Lemma setD_bigcup_sub (T : Type) (A F G : (set T)^nat) N :
  (forall i, F i `<=` A i) -> (forall i, A i `<=` G i) ->
  \bigcup_i G i `\` \big[setU/set0]_(i < N) F i `<=`
  \bigcup_i (G i `\` F i) `|` (\bigcup_i A i `\` \big[setU/set0]_(i < N) A i).
Proof.
move=> FA AG z [[i _ Gz] nFz].
have [[j _ Ajz]|nAz] := pselect ((\bigcup_i A i) z); last first.
  by left; exists i => //; split=> // /FA Aiz; apply: nAz; exists i.
have [[k kN Akz]|nk] := pselect (exists2 k, (k < N)%N & A k z).
  left; exists k => //; split; first exact: AG.
  by move=> Fkz; apply: nFz; rewrite -bigcup_mkord; exists k.
right; split; first by exists j.
by rewrite -bigcup_mkord => -[k kN Akz]; apply: nk; exists k.
Qed.

Section metric_space.
Variables (R : realType) (X : Type) (rho : X -> X -> R).
Hypothesis rho_metric : is_metric rho.
Local Notation ball := (mball rho).

Lemma metric_ge0 x y : 0 <= rho x y.
Proof. by case: rho_metric. Qed.

Lemma metric_sym x y : rho x y = rho y x.
Proof. by case: rho_metric. Qed.

Lemma metric_triangle x y z : rho x z <= rho x y + rho y z.
Proof. by case: rho_metric. Qed.

Lemma metric_xx x : rho x x = 0.
Proof. by case: rho_metric => _ /(_ x x) [_ ->]. Qed.

Lemma mball_sub x y r r' : rho x y + r <= r' -> ball y r `<=` ball x r'.
Proof.
move=> le_r z /= yz; apply: le_lt_trans (metric_triangle x y z) _.
by apply: lt_le_trans le_r; rewrite ltrD2l.
Qed.

Lemma mball_le x r r' : r <= r' -> ball x r `<=` ball x r'.
Proof. by move=> le_r; apply: mball_sub; rewrite metric_xx add0r. Qed.

Lemma metric_open_mball x r : metric_open rho (ball x r).
Proof.
move=> y /= xy; exists (r - rho x y); first by rewrite subr_gt0.
by apply: mball_sub; rewrite addrC subrK.
Qed.

Lemma metric_open_setI A B :
  metric_open rho A -> metric_open rho B -> metric_open rho (A `&` B).
Proof.
move=> oA oB z [Az Bz]; have [r1 r10 r1A] := oA z Az; have [r2 r20 r2B] := oB z Bz.
exists (Num.min r1 r2); first by rewrite lt_min r10 r20.
by move=> w zw; split; [apply: r1A | apply: r2B];
  apply: mball_le zw; rewrite ge_min lexx ?orbT.
Qed.

Lemma metric_open_bigcup (A : (set X)^nat) :
  (forall n, metric_open rho (A n)) -> metric_open rho (\bigcup_n A n).
Proof.
move=> oA z [n _ Az]; have [r r0 rA] := oA n z Az.
by exists r => // w /rA; exists n.
Qed.

Definition metric_closed (F : set X) := metric_open rho (~` F).

Lemma metric_closed_bigsetU (F : (set X)^nat) n :
  (forall i, metric_closed (F i)) -> metric_closed (\big[setU/set0]_(i < n) F i).
Proof.
move=> cF; elim: n => [|n IHn].
  by rewrite big_ord0 /metric_closed setC0 => z _; exists 1 => //; exact: ltr01.
rewrite big_ord_recr /metric_closed setCU.
by apply: metric_open_setI; [exact: IHn | exact: cF].
Qed.

Definition thickening (F : set X) (r : R) : set X :=
  [set y | exists2 w, F w & rho w y < r].

Lemma metric_open_thickening F r : metric_open rho (thickening F r).
Proof.
move=> y [w Fw wy]; exists (r - rho w y); first by rewrite subr_gt0.
move=> z yz; exists w => //; apply: le_lt_trans (metric_triangle w y z) _.
by rewrite -ltrBrDl.
Qed.

Lemma le_thickening F r r' : r <= r' -> thickening F r `<=` thickening F r'.
Proof. by move=> le_r y [w Fw wy]; exists w => //; exact: lt_le_trans le_r. Qed.

Lemma thickening_sub_mball F x R1 r :
  F `<=` ball x R1 -> thickening F r `<=` ball x (R1 + r).
Proof.
move=> FB y [w /FB /= xw wy]; apply: le_lt_trans (metric_triangle x w y) _.
exact: ltrD.
Qed.

Lemma bigcap_thickening_sub F :
  metric_closed F -> \bigcap_k thickening F k.+1%:R^-1 `<=` F.
Proof.
move=> Fclosed y Fy; apply: contrapT => nFy.
have [r r0 rF] := Fclosed y nFy.
have [k] := ltr_add_invr r0; rewrite add0r => kr.
have [w Fw wy] := Fy k I.
by apply: (rF w) Fw; rewrite /mball /= metric_sym (lt_trans wy).
Qed.

Lemma borel_setC A : borel_set rho A -> borel_set rho (~` A).
Proof. by rewrite -setTD; exact: sigma_algebraCD. Qed.

Lemma borel_setU A B : borel_set rho A -> borel_set rho B -> borel_set rho (A `|` B).
Proof.
by move=> bA bB; rewrite -bigcup2E; apply: sigma_algebra_bigcup => -[|[|n]] //=;
  exact: sigma_algebra0.
Qed.

Lemma borel_setI A B : borel_set rho A -> borel_set rho B -> borel_set rho (A `&` B).
Proof.
move=> bA bB; rewrite -(setCK (A `&` B)) setCI.
by apply: borel_setC; apply: borel_setU; exact: borel_setC.
Qed.

Lemma borel_setD A B : borel_set rho A -> borel_set rho B -> borel_set rho (A `\` B).
Proof. by move=> bA bB; rewrite setDE; apply: borel_setI => //; exact: borel_setC. Qed.

Lemma borel_mball x r : borel_set rho (ball x r).
Proof. by apply: sub_sigma_algebra; exact: metric_open_mball. Qed.

Definition separated (s : R) n (z : nat -> X) :=
  forall i j, (i < n)%N -> (j < n)%N -> i != j -> s <= rho (z i) (z j).

Section doubling_measure.
Variables (mu : {outer_measure set X -> \bar R}) (K : R).
Hypotheses (K_gt0 : 0 < K) (mu_regular : borel_regular rho mu)
  (mu_doubling : forall x (r : R), 0 < r ->
     [/\ (0 < mu (ball x r))%E, (mu (ball x (2 * r)) <= K%:E * mu (ball x r))%E &
         (mu (ball x r) < +oo)%E]).

Lemma mu_mball_gt0 x r : 0 < r -> (0 < mu (ball x r))%E.
Proof. by move=> r0; case: (mu_doubling x r0). Qed.

Lemma mu_mball_lty x r : (mu (ball x r) < +oo)%E.
Proof.
have [r0|] := ltP 0 r; first by case: (mu_doubling x r0).
move=> r_le0; have -> : ball x r = set0.
  apply/seteqP; split=> // y /= xy.
  by have := lt_le_trans (le_lt_trans (metric_ge0 x y) xy) r_le0; rewrite ltxx.
by rewrite outer_measure0.
Qed.

Lemma mu_sub_mball_lty A x r : A `<=` ball x r -> (mu A < +oo)%E.
Proof. by move=> AB; apply: le_lt_trans (mu_mball_lty x r); exact: le_outer_measure. Qed.

Lemma mu_sub_mball_fineK A x r : A `<=` ball x r -> mu A = (fine (mu A))%:E.
Proof.
by move=> AB; rewrite fineK // ge0_fin_numE ?outer_measure_ge0 // (mu_sub_mball_lty AB).
Qed.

--

*EXERCISE GOAL*
Word for word, reproduce all of the material shown above.

*EXERCISE SOLUTION*
Lemma setD_bigcup_sub (T : Type) (A F G : (set T)^nat) N :
  (forall i, F i `<=` A i) -> (forall i, A i `<=` G i) ->
  \bigcup_i G i `\` \big[setU/set0]_(i < N) F i `<=`
  \bigcup_i (G i `\` F i) `|` (\bigcup_i A i `\` \big[setU/set0]_(i < N) A i).
Proof.
move=> FA AG z [[i _ Gz] nFz].
have [[j _ Ajz]|nAz] := pselect ((\bigcup_i A i) z); last first.
  by left; exists i => //; split=> // /FA Aiz; apply: nAz; exists i.
have [[k kN Akz]|nk] := pselect (exists2 k, (k < N)%N & A k z).
  left; exists k => //; split; first exact: AG.
  by move=> Fkz; apply: nFz; rewrite -bigcup_mkord; exists k.
right; split; first by exists j.
by rewrite -bigcup_mkord => -[k kN Akz]; apply: nk; exists k.
Qed.

Section metric_space.
Variables (R : realType) (X : Type) (rho : X -> X -> R).
Hypothesis rho_metric : is_metric rho.
Local Notation ball := (mball rho).

Lemma metric_ge0 x y : 0 <= rho x y.
Proof. by case: rho_metric. Qed.

Lemma metric_sym x y : rho x y = rho y x.
Proof. by case: rho_metric. Qed.

Lemma metric_triangle x y z : rho x z <= rho x y + rho y z.
Proof. by case: rho_metric. Qed.

Lemma metric_xx x : rho x x = 0.
Proof. by case: rho_metric => _ /(_ x x) [_ ->]. Qed.

Lemma mball_sub x y r r' : rho x y + r <= r' -> ball y r `<=` ball x r'.
Proof.
move=> le_r z /= yz; apply: le_lt_trans (metric_triangle x y z) _.
by apply: lt_le_trans le_r; rewrite ltrD2l.
Qed.

Lemma mball_le x r r' : r <= r' -> ball x r `<=` ball x r'.
Proof. by move=> le_r; apply: mball_sub; rewrite metric_xx add0r. Qed.

Lemma metric_open_mball x r : metric_open rho (ball x r).
Proof.
move=> y /= xy; exists (r - rho x y); first by rewrite subr_gt0.
by apply: mball_sub; rewrite addrC subrK.
Qed.

Lemma metric_open_setI A B :
  metric_open rho A -> metric_open rho B -> metric_open rho (A `&` B).
Proof.
move=> oA oB z [Az Bz]; have [r1 r10 r1A] := oA z Az; have [r2 r20 r2B] := oB z Bz.
exists (Num.min r1 r2); first by rewrite lt_min r10 r20.
by move=> w zw; split; [apply: r1A | apply: r2B];
  apply: mball_le zw; rewrite ge_min lexx ?orbT.
Qed.

Lemma metric_open_bigcup (A : (set X)^nat) :
  (forall n, metric_open rho (A n)) -> metric_open rho (\bigcup_n A n).
Proof.
move=> oA z [n _ Az]; have [r r0 rA] := oA n z Az.
by exists r => // w /rA; exists n.
Qed.

Definition metric_closed (F : set X) := metric_open rho (~` F).

Lemma metric_closed_bigsetU (F : (set X)^nat) n :
  (forall i, metric_closed (F i)) -> metric_closed (\big[setU/set0]_(i < n) F i).
Proof.
move=> cF; elim: n => [|n IHn].
  by rewrite big_ord0 /metric_closed setC0 => z _; exists 1 => //; exact: ltr01.
rewrite big_ord_recr /metric_closed setCU.
by apply: metric_open_setI; [exact: IHn | exact: cF].
Qed.

Definition thickening (F : set X) (r : R) : set X :=
  [set y | exists2 w, F w & rho w y < r].

Lemma metric_open_thickening F r : metric_open rho (thickening F r).
Proof.
move=> y [w Fw wy]; exists (r - rho w y); first by rewrite subr_gt0.
move=> z yz; exists w => //; apply: le_lt_trans (metric_triangle w y z) _.
by rewrite -ltrBrDl.
Qed.

Lemma le_thickening F r r' : r <= r' -> thickening F r `<=` thickening F r'.
Proof. by move=> le_r y [w Fw wy]; exists w => //; exact: lt_le_trans le_r. Qed.

Lemma thickening_sub_mball F x R1 r :
  F `<=` ball x R1 -> thickening F r `<=` ball x (R1 + r).
Proof.
move=> FB y [w /FB /= xw wy]; apply: le_lt_trans (metric_triangle x w y) _.
exact: ltrD.
Qed.

Lemma bigcap_thickening_sub F :
  metric_closed F -> \bigcap_k thickening F k.+1%:R^-1 `<=` F.
Proof.
move=> Fclosed y Fy; apply: contrapT => nFy.
have [r r0 rF] := Fclosed y nFy.
have [k] := ltr_add_invr r0; rewrite add0r => kr.
have [w Fw wy] := Fy k I.
by apply: (rF w) Fw; rewrite /mball /= metric_sym (lt_trans wy).
Qed.

Lemma borel_setC A : borel_set rho A -> borel_set rho (~` A).
Proof. by rewrite -setTD; exact: sigma_algebraCD. Qed.

Lemma borel_setU A B : borel_set rho A -> borel_set rho B -> borel_set rho (A `|` B).
Proof.
by move=> bA bB; rewrite -bigcup2E; apply: sigma_algebra_bigcup => -[|[|n]] //=;
  exact: sigma_algebra0.
Qed.

Lemma borel_setI A B : borel_set rho A -> borel_set rho B -> borel_set rho (A `&` B).
Proof.
move=> bA bB; rewrite -(setCK (A `&` B)) setCI.
by apply: borel_setC; apply: borel_setU; exact: borel_setC.
Qed.

Lemma borel_setD A B : borel_set rho A -> borel_set rho B -> borel_set rho (A `\` B).
Proof. by move=> bA bB; rewrite setDE; apply: borel_setI => //; exact: borel_setC. Qed.

Lemma borel_mball x r : borel_set rho (ball x r).
Proof. by apply: sub_sigma_algebra; exact: metric_open_mball. Qed.

Definition separated (s : R) n (z : nat -> X) :=
  forall i j, (i < n)%N -> (j < n)%N -> i != j -> s <= rho (z i) (z j).

Section doubling_measure.
Variables (mu : {outer_measure set X -> \bar R}) (K : R).
Hypotheses (K_gt0 : 0 < K) (mu_regular : borel_regular rho mu)
  (mu_doubling : forall x (r : R), 0 < r ->
     [/\ (0 < mu (ball x r))%E, (mu (ball x (2 * r)) <= K%:E * mu (ball x r))%E &
         (mu (ball x r) < +oo)%E]).

Lemma mu_mball_gt0 x r : 0 < r -> (0 < mu (ball x r))%E.
Proof. by move=> r0; case: (mu_doubling x r0). Qed.

Lemma mu_mball_lty x r : (mu (ball x r) < +oo)%E.
Proof.
have [r0|] := ltP 0 r; first by case: (mu_doubling x r0).
move=> r_le0; have -> : ball x r = set0.
  apply/seteqP; split=> // y /= xy.
  by have := lt_le_trans (le_lt_trans (metric_ge0 x y) xy) r_le0; rewrite ltxx.
by rewrite outer_measure0.
Qed.

Lemma mu_sub_mball_lty A x r : A `<=` ball x r -> (mu A < +oo)%E.
Proof. by move=> AB; apply: le_lt_trans (mu_mball_lty x r); exact: le_outer_measure. Qed.

Lemma mu_sub_mball_fineK A x r : A `<=` ball x r -> mu A = (fine (mu A))%:E.
Proof.
by move=> AB; rewrite fineK // ge0_fin_numE ?outer_measure_ge0 // (mu_sub_mball_lty AB).
Qed.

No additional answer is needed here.